■ **Instructions to follow**:
Return only the lines of the listing below that run from the line with "Section PrimeField." through the line with "Proof. by apply/eqP/eqP", both ends included, exactly as written.

___ Raw data

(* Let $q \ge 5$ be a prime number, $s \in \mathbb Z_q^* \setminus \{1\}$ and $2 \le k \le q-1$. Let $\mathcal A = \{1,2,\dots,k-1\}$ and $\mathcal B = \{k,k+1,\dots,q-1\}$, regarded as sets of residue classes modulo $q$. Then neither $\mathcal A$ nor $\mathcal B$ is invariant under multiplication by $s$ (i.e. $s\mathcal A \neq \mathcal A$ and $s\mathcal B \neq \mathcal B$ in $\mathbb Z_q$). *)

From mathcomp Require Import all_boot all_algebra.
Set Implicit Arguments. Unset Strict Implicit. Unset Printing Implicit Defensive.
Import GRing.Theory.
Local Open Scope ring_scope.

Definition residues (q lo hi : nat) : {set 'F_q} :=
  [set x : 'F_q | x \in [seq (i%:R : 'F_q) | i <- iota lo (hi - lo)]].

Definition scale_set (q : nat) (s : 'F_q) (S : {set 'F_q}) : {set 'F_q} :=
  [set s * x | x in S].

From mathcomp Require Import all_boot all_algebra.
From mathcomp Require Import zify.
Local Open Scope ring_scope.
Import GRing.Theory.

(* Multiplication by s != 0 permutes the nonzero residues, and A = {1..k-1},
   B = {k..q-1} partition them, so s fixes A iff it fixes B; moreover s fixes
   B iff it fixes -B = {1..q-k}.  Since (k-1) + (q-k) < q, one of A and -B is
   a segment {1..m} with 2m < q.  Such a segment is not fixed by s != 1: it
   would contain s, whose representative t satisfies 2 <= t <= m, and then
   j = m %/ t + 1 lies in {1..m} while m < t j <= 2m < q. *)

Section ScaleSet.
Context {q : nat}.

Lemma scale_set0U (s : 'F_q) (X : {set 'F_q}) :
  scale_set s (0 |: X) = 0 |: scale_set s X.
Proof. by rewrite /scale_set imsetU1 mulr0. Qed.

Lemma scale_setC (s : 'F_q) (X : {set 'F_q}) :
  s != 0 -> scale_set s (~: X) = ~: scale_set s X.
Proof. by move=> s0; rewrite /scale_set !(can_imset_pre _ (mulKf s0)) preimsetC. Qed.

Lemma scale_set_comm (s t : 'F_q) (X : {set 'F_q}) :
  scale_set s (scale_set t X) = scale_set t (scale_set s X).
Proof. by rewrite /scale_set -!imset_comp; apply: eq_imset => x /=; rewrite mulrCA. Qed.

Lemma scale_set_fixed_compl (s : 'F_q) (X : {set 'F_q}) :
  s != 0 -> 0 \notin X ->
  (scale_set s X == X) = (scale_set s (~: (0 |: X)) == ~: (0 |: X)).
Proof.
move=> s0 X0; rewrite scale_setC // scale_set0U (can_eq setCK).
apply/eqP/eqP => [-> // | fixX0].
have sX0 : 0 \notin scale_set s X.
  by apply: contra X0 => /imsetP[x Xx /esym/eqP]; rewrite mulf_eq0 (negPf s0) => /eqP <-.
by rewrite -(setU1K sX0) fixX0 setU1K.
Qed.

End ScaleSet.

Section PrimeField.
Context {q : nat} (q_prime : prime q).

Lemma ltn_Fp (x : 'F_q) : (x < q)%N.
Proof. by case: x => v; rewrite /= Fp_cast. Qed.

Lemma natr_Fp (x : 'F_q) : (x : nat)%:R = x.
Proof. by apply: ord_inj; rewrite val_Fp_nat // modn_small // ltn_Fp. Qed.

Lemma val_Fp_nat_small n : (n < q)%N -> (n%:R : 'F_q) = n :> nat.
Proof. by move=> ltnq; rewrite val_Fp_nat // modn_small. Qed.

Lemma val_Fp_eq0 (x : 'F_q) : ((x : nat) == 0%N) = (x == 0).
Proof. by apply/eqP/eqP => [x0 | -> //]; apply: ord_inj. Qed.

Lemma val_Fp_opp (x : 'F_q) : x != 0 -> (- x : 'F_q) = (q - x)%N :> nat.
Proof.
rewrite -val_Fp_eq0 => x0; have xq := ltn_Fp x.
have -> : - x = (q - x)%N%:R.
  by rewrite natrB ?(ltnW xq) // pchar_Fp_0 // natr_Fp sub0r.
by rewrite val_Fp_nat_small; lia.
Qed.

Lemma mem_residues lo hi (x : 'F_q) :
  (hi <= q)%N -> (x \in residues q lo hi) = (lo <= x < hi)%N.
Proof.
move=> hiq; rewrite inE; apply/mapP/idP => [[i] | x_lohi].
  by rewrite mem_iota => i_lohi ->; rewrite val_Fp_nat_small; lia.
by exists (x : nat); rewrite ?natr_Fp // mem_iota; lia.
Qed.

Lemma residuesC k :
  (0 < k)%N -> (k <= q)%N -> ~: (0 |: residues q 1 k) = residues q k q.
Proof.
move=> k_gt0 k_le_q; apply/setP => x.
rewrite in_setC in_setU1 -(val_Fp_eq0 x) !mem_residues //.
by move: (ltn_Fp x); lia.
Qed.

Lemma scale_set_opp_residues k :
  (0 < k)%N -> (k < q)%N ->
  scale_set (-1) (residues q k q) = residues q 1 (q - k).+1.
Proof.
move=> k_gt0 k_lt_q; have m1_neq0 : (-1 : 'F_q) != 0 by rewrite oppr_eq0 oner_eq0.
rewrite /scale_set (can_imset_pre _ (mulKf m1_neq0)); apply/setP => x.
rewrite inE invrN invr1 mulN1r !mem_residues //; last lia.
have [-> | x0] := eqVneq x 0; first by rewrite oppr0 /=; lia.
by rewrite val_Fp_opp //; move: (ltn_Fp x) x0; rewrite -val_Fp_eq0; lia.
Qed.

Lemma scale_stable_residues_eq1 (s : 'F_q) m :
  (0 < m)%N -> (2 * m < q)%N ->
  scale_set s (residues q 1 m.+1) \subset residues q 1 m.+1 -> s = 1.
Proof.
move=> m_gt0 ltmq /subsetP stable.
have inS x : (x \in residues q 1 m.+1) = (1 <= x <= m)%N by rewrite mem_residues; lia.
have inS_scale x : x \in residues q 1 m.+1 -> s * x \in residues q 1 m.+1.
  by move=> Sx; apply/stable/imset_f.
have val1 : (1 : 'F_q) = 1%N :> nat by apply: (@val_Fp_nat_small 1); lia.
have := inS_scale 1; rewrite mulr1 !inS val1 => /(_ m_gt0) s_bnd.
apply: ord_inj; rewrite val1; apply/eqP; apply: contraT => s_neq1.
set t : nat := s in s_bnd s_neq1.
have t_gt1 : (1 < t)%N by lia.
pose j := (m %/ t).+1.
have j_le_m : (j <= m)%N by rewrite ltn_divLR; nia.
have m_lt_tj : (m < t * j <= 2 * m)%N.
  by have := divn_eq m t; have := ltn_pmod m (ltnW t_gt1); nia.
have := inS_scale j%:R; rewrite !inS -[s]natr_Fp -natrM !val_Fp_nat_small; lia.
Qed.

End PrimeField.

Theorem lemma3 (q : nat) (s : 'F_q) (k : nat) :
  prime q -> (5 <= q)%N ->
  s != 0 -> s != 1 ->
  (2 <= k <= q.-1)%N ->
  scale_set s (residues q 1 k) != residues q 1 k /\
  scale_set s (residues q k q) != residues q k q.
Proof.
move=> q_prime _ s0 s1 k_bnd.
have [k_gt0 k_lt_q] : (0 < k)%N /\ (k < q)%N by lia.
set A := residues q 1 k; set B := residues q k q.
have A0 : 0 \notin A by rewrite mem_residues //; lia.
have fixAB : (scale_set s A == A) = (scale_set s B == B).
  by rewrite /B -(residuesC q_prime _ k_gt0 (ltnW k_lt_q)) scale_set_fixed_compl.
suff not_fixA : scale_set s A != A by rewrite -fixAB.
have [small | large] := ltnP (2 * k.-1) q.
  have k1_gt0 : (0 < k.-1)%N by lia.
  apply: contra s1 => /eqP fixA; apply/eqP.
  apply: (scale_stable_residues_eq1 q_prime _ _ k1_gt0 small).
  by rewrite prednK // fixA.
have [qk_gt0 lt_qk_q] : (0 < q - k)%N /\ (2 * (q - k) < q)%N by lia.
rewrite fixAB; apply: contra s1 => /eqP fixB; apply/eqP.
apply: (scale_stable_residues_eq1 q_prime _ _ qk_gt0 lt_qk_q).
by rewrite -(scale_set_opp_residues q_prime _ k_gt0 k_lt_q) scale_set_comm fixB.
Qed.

______
___ Raw data

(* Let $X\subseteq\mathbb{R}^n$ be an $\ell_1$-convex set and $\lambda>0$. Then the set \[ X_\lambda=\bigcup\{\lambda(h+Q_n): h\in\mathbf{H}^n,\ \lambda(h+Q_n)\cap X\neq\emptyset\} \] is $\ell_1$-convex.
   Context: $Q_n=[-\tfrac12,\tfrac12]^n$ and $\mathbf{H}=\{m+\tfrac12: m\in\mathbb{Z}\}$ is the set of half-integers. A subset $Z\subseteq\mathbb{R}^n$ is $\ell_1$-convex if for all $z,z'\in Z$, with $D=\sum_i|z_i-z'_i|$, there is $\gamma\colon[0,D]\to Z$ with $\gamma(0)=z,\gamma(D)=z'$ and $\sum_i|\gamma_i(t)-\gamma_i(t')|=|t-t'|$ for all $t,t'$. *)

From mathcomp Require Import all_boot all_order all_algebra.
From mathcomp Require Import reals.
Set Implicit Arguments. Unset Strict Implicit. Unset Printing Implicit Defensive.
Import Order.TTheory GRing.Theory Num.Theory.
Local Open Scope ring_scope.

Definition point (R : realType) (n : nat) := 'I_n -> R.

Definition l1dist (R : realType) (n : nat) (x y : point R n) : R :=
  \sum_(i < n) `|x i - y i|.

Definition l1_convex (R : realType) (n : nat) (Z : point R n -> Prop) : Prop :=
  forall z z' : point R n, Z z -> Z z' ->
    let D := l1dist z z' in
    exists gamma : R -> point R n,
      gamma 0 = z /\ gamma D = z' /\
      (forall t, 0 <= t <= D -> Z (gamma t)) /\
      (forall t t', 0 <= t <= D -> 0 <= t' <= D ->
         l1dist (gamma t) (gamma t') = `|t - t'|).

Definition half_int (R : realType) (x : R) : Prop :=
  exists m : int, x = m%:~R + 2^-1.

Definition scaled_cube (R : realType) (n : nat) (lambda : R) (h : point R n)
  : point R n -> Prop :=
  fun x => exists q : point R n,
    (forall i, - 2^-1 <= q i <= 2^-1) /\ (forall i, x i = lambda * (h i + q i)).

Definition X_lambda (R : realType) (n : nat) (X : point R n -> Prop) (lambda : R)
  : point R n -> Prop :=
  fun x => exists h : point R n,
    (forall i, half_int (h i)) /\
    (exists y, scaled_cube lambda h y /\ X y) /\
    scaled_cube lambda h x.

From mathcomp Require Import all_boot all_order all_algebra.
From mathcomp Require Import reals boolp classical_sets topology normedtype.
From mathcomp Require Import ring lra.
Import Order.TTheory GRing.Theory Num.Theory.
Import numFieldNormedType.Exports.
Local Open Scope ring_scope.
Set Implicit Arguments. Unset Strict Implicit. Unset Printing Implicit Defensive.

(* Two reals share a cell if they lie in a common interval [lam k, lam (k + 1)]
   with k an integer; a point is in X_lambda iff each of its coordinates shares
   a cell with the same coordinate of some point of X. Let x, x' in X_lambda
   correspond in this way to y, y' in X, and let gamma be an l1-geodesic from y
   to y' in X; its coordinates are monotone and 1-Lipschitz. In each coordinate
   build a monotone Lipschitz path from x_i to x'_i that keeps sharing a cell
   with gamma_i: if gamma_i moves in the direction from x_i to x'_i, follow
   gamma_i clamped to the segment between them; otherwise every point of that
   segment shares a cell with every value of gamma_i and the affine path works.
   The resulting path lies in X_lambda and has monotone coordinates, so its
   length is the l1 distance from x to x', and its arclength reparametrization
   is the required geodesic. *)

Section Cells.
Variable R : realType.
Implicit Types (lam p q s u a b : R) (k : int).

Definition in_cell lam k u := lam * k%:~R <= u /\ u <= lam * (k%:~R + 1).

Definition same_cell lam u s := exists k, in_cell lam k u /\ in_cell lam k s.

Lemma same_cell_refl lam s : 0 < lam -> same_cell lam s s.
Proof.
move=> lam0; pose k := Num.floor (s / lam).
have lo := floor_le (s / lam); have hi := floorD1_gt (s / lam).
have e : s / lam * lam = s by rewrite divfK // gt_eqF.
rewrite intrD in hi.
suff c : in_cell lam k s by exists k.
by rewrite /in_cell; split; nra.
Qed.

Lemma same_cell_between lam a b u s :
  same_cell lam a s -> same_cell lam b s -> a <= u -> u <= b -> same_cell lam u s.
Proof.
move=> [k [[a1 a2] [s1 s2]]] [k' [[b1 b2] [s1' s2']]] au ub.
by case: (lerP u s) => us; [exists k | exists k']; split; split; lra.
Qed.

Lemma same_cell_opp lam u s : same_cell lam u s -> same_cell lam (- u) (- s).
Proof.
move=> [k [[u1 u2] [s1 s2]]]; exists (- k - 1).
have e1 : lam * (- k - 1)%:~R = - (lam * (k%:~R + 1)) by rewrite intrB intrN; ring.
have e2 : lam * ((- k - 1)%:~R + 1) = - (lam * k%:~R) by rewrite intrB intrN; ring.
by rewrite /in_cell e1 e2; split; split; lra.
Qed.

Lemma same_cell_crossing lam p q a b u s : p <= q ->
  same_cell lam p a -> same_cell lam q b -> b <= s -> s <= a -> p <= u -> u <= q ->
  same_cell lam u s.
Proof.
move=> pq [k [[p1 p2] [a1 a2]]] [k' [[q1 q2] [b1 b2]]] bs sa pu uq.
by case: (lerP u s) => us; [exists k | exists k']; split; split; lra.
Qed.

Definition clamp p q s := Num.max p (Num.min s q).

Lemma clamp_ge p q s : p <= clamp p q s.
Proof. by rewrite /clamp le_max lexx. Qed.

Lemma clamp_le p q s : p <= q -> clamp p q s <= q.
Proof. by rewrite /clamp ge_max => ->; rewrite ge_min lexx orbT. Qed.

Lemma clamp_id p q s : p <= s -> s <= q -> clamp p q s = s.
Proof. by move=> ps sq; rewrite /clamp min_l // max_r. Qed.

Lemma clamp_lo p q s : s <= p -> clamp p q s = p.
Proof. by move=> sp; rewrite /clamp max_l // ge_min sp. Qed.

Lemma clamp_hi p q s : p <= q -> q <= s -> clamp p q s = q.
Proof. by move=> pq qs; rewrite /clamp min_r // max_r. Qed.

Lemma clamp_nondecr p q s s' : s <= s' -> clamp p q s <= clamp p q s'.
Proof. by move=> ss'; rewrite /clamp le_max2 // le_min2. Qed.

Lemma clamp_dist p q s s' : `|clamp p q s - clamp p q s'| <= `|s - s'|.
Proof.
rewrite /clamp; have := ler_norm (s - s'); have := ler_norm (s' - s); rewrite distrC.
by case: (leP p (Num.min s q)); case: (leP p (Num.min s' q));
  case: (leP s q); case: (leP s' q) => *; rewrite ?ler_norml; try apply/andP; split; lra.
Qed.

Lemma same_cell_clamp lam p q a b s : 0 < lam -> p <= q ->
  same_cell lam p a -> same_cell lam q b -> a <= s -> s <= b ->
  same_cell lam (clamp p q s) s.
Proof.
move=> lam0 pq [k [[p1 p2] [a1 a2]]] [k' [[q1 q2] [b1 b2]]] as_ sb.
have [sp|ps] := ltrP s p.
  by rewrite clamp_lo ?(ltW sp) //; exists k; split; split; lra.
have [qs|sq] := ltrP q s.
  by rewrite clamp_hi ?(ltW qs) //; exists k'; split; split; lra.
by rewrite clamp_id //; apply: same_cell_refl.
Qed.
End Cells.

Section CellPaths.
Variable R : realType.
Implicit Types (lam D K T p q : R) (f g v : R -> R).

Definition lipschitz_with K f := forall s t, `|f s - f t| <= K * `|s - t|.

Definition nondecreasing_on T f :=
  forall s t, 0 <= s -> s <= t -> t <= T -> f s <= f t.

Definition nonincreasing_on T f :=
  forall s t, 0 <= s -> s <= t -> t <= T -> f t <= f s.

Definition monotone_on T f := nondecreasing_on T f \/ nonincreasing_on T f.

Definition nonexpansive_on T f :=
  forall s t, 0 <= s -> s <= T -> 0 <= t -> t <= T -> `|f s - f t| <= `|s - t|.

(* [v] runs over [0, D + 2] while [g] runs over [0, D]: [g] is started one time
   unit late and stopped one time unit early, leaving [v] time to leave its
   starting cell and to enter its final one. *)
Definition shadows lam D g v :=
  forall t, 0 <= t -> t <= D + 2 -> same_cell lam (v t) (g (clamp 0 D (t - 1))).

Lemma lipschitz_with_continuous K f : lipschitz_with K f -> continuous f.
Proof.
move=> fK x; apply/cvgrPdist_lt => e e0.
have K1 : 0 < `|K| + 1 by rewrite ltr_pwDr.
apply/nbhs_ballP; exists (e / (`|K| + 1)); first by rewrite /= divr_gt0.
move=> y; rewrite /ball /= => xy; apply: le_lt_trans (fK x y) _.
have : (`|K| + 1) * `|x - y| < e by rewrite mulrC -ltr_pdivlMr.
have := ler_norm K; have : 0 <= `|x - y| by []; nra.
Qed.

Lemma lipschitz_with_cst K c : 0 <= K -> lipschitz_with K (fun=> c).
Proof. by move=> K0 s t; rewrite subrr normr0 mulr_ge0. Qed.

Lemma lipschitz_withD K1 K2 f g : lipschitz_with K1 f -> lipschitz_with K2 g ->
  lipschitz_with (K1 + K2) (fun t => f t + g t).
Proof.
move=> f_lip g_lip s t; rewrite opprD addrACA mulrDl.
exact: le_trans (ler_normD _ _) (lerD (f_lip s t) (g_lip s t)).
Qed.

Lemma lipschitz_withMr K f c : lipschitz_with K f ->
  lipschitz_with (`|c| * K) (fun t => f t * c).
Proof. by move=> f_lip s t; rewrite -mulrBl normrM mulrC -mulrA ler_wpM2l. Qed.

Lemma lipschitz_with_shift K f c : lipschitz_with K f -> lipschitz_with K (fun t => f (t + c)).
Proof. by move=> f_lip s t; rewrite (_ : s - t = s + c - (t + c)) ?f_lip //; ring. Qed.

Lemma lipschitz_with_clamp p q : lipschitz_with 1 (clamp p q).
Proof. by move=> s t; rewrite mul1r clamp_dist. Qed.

______
___ Raw data

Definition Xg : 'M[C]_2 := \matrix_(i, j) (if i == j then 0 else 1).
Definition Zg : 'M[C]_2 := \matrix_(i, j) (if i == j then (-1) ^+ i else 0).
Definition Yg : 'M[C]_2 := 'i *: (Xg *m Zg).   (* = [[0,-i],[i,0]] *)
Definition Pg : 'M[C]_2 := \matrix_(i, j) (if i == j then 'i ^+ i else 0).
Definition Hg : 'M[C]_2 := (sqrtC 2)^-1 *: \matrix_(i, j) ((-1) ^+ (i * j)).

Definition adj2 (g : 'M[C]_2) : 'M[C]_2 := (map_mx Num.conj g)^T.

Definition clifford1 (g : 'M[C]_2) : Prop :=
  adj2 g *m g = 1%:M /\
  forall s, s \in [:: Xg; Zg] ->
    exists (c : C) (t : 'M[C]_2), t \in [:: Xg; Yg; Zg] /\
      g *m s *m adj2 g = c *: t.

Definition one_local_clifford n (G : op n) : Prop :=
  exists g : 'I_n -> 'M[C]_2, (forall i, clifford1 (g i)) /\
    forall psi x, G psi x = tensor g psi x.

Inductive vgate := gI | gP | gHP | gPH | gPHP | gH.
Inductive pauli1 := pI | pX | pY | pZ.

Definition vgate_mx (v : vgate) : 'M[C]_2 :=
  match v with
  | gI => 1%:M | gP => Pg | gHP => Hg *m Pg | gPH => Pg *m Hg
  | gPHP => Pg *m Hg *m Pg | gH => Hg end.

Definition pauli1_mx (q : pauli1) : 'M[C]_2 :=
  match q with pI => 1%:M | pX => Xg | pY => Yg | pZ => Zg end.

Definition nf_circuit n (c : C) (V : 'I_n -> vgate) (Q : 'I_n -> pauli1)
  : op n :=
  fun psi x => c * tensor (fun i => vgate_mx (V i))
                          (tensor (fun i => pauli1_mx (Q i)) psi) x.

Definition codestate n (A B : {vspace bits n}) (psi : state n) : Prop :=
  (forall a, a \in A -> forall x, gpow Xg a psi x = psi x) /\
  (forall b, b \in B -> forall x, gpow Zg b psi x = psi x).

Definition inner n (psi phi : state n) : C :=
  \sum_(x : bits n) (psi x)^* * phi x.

______

■ **Answer to the problem**:
Section PrimeField.
Context {q : nat} (q_prime : prime q).

Lemma ltn_Fp (x : 'F_q) : (x < q)%N.
Proof. by case: x => v; rewrite /= Fp_cast. Qed.

Lemma natr_Fp (x : 'F_q) : (x : nat)%:R = x.
Proof. by apply: ord_inj; rewrite val_Fp_nat // modn_small // ltn_Fp. Qed.

Lemma val_Fp_nat_small n : (n < q)%N -> (n%:R : 'F_q) = n :> nat.
Proof. by move=> ltnq; rewrite val_Fp_nat // modn_small. Qed.

Lemma val_Fp_eq0 (x : 'F_q) : ((x : nat) == 0%N) = (x == 0).
Proof. by apply/eqP/eqP => [x0 | -> //]; apply: ord_inj. Qed.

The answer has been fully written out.